Птица сел и постарался восстановить дыхание. Сердце громко стучало. Капюшон съехал, за шиворот падали капли холодного дождя. Сергей помотал головой и медленно поднялся. Постепенно земля перестала плясать перед глазами, и, отдышавшись, Сокольских осмотрел поле боя.
Крепыш лежал в неестественной позе. Его шея была как-то нехорошо вывернута вбок, намокшая одежда резко очерчивала контур тела.
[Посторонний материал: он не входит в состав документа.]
Lemma NoDup_has_large (l : list nat) :
  NoDup l -> l <> [] -> exists j, In j l /\ (length l <= S j)%nat.
Proof.
  intros hnd hne.
  destruct (Exists_dec (fun j => length l <= S j)%nat l
              (fun j => le_dec (length l) (S j))) as [hex|hnone].
  - apply Exists_exists in hex. exact hex.
  - exfalso.
    assert (hincl : incl l (seq 0 (length l - 1))).
    { intros x hx. apply in_seq. split; [lia|].
      destruct (le_lt_dec (length l) (S x)) as [h|h]; [|lia].
      exfalso. apply hnone, Exists_exists. eauto. }
    pose proof (NoDup_incl_length hnd hincl) as hlen.
    rewrite length_seq in hlen. destruct l; [congruence|simpl in hlen; lia].
Qed.

Definition sum_list (f : nat -> R) (l : list nat) : R :=
  fold_right (fun i acc => f i + acc) 0 l.

Lemma sum_list_ext_in (f g : nat -> R) (l : list nat) :
  (forall i, In i l -> f i = g i) -> sum_list f l = sum_list g l.
Proof.
  induction l as [|a l IH]; intros h; simpl; auto.
  rewrite h by (simpl; auto). rewrite IH; auto. intros i hi; apply h; simpl; auto.
Qed.

Lemma sum_list_affine (f : nat -> R) (q d : R) (l : list nat) : q <> 0 ->
  sum_list (fun i => f i / q + d) l = sum_list f l / q + INR (length l) * d.
Proof.
  intros hq. induction l as [|a l IH]; cbn [sum_list fold_right length].
  - simpl. field. auto.
  - unfold sum_list in IH. rewrite IH, S_INR. field. auto.
Qed.

Lemma sum_list_staircase (p n : nat) :
  2 * sum_list (fun k => INR (k + 1 - p)) (seq 0 n) = INR (n - p) * INR (n - p + 1).
Proof.
  induction n as [|n IH]; [simpl; lra|].
  unfold sum_list in *. rewrite seq_S, fold_right_app. cbn [fold_right].
  assert (hshift : forall l z, fold_right (fun k acc => INR (k + 1 - p) + acc) z l
                     = fold_right (fun k acc => INR (k + 1 - p) + acc) 0 l + z).
  { induction l as [|a l IHl]; intros z; simpl; [lra|]. rewrite IHl. lra. }
  rewrite hshift, Nat.add_0_l.
  destruct (le_lt_dec p n) as [h|h].
  - replace (S n - p)%nat with (S (n - p)) by lia.
    replace (n + 1 - p)%nat with (S (n - p)) in * by lia.
    replace (S (n - p) + 1)%nat with (S (S (n - p))) by lia.
    replace (n - p + 1)%nat with (S (n - p)) in IH by lia.
    rewrite !S_INR in *. nra.
  - replace (S n - p)%nat with 0%nat by lia.
    replace (n + 1 - p)%nat with 0%nat by lia.
    replace (n - p)%nat with 0%nat in IH by lia. simpl in *. lra.
Qed.

Lemma piece_inter_wf (P Q : piece) : Forall (fun ab => fst ab <= snd ab) (piece_inter P Q).
Proof.
  apply Forall_forall. intros x hx. unfold piece_inter in hx.
  apply in_flat_map in hx as [ab [_ hx]].
  apply in_flat_map in hx as [cd [_ hx]].
  destruct (Rle_dec _ _) as [h|h]; simpl in hx; [|contradiction].
  destruct hx as [<-|[]]. exact h.
Qed.

Lemma piece_len_nonneg (P : piece) : Forall (fun ab => fst ab <= snd ab) P -> 0 <= piece_len P.
Proof.
  induction P as [|a P IH]; intros h; simpl; [lra|].
  inversion h as [|? ? hab hP]; subst. specialize (IH hP). lra.
Qed.

Lemma goods_inter_incl (G H : list nat) : incl G H -> goods_inter G H = G.
Proof.
  induction G as [|a G IH]; intros hi; simpl; auto.
  assert (existsb (Nat.eqb a) H = true) as ->.
  { apply existsb_exists. exists a. split; [apply hi; simpl; auto|apply Nat.eqb_refl]. }
  f_equal. apply IH. intros g hg. apply hi; simpl; auto.
Qed.

Lemma group_inter_size_ge_goods (I : instance) (Ns : list nat) :
  0 <= cake_c I ->
  (forall i, In i Ns -> b_goods (approved I i) = seq 0 (m_goods I)) ->
  INR (m_goods I) <= bundle_size (group_inter I Ns).
Proof.
  intros hc hall.
  assert (hgoods : b_goods (group_inter I Ns) = seq 0 (m_goods I)).
  { induction Ns as [|i Ns IH]; simpl; auto.
    rewrite IH by (intros j hj; apply hall; simpl; auto).
    rewrite hall by (simpl; auto). apply goods_inter_incl, incl_refl. }
  assert (hcake : 0 <= piece_len (b_cake (group_inter I Ns))).
  { destruct Ns as [|i Ns]; simpl; [lra|]. apply piece_len_nonneg, piece_inter_wf. }
  unfold bundle_size. rewrite hgoods, length_seq. lra.
Qed.

Lemma utility_prefix (b a : R) (G : list nat) : 0 <= b -> b <= a ->
  bundle_size (bundle_inter (mkBundle [(0, b)] G) (mkBundle [(0, a)] [])) = b.
Proof.
  intros h0 h1. unfold bundle_size, bundle_inter, piece_inter. cbn [b_cake b_goods].
  assert (hnil : goods_inter G [] = []) by (induction G; simpl; auto).
  rewrite hnil. simpl.
  rewrite (Rmax_left 0 0), Rmin_left by lra.
  destruct (Rle_dec 0 b); [simpl; lra|lra].
Qed.

Lemma valid_prefix (c x : R) : 0 <= x -> x <= c -> valid_piece c [(0, x)].
Proof.
  intros h0 h1. split.
  - constructor; [simpl; lra|constructor].
  - constructor; constructor.
Qed.

Section Staircase.

Variables (p s M : nat) (d : R).
Hypothesis (hp : (1 <= p)%nat) (hps : (p <= s)%nat) (hd0 : 0 < d) (hd1 : d <= 1).

Definition stair (k : nat) : R := INR (k + 1 - p) / INR p + d.

Definition staircase : instance :=
  mkInstance s (INR s / INR p) M (INR s / INR p)
             (fun k => mkBundle [(0, stair k)] (seq 0 M)).

Definition top_alloc : bundle := mkBundle [(0, stair (s - 1))] [].

Lemma INR_p_pos : 0 < INR p.
Proof. apply lt_0_INR. lia. Qed.
(* Assume $p$ is odd and $\ell\ge2$. An irreducible representation of ${\rm GL}_2(\mathfrak o_\ell)$ admits a $\theta$-Whittaker model for a (equivalently, any) non-degenerate character $\theta$ of $\mathbf U(\mathfrak o_\ell)$ if and only if it is primitive.
   Context: $\mathfrak o$: ring of integers of a non-archimedean local field, uniformizer $\varpi$, residue field $\mathbb F_q$ of characteristic $p$; $\mathfrak o_r=\mathfrak o/\varpi^r\mathfrak o$. $\mathbf U(\mathfrak o_\ell)=\{\begin{pmatrix}1&u\\0&1\end{pmatrix}\}$; a non-degenerate character is $\theta\begin{pmatrix}1&u\\0&1\end{pmatrix}=\varphi_1(u)$ with $\varphi_1$ a character of $(\mathfrak o_\ell,+)$ nontrivial on $\varpi^{\ell-1}\mathfrak o_\ell$. $\pi$ admits a $\theta$-Whittaker model if $\mathrm{Hom}(\pi,\mathrm{Ind}_{\mathbf U(\mathfrak o_\ell)}^{{\rm GL}_2(\mathfrak o_\ell)}\theta)\ne0$. Let $K_\ell^{\ell-1}=\ker({\rm GL}_2(\mathfrak o_\ell)\to{\rm GL}_2(\mathfrak o_{\ell-1}))=\{I+\varpi^{\ell-1}y\}$; fixing a primitive $\varphi$, each $x\in M_2(\mathbb F_q)$ gives a character $\varphi_x(I+\varpi^{\ell-1}y)=\varphi(\varpi^{\ell-1}\mathrm{tr}(\hat xy))$. An irreducible representation $\rho$ is primitive if the orbit of characters occurring in $\rho|_{K_\ell^{\ell-1}}$ contains no $\varphi_x$ with $x$ a scalar matrix. *)

From HB Require Import structures.
From mathcomp Require Import all_boot all_order all_algebra all_fingroup all_solvable all_field all_character.
Set Implicit Arguments. Unset Strict Implicit. Unset Printing Implicit Defensive.
Import GRing.Theory Num.Theory.
Local Open Scope ring_scope.

(* o_l is modelled by a finite commutative ring R with an element w (the image
   of the uniformizer) such that R is local with maximal ideal wR,
   w^l = 0, w^(l-1) <> 0, and the residue field R/wR has characteristic p. *)

Definition in_ideal (R : comPzRingType) (a x : R) : Prop := exists y, x = a * y.

Definition is_trunc_dvr (R : finComUnitRingType) (w : R) (l p : nat) : Prop :=
  [/\ (forall x : R, x \is a GRing.unit \/ in_ideal w x),
      w ^+ l = 0, w ^+ l.-1 != 0 & in_ideal w (p%:R : R)].

Definition add_char (R : finComUnitRingType) (phi : R -> algC) : Prop :=
  phi 0 = 1 /\ forall a b, phi (a + b) = phi a * phi b.

Definition primitive_add_char (R : finComUnitRingType) (w : R) (l : nat)
    (phi : R -> algC) : Prop :=
  add_char phi /\ exists u, in_ideal (w ^+ l.-1) u /\ phi u != 1.

Definition nmat (R : finComUnitRingType) (u : R) : 'M[R]_2 :=
  \matrix_(i < 2, j < 2)
     (if i == j then 1 else if (i == 0) && (j == 1) then u else 0).

Definition Uset (R : finComUnitRingType) : {set {'GL_2[R]}} :=
  [set g : {'GL_2[R]} | [exists u : R, GLval g == nmat u]].
Definition Ugrp (R : finComUnitRingType) := (<< Uset R >>)%G.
Долговязый выглядел не лучше: челюсть уехала вправо, зрачки глаз закатились, оставив пустые белки таращиться в дождливую темень, отчего он стал походить на вурдалака, яйца которого вдруг защемило кладбищенской плитой.
Сергей поднял выпавшие ключи и поискал взглядом женщину. Та, подобравшись, сидела в стороне, крепко обхватив руками колени. Ее трясло не столько от холода, сколько от потрясения. Птица нагнулся над рыжим здоровяком, нащупал его пульс.
– Уходи отсюда! – бросил Серега женщине. Но та лишь нервно тряслась да всхлипывала, не предпринимая ни малейшей попытки встать.
Сергей подошел к долговязому и рывком приподнял его, прислонив к автомобильной решетке радиатора, чтобы в бессознательном состоянии противник не захлебнулся собственной слюной. Под полой куртки отморозка мелькнула плечевая кобура. Из нее характерной коричнево-вишневой рукояткой отсвечивал ПМ. Птица нахмурился. Аккуратно отвернул чужую ветровку и вытащил из замшевой кобуры «макаров». Покрутив в руках, Сергей снял оружие с предохранителя и отвел затворную раму назад. В глубине ствола тускло блеснул боевой патрон.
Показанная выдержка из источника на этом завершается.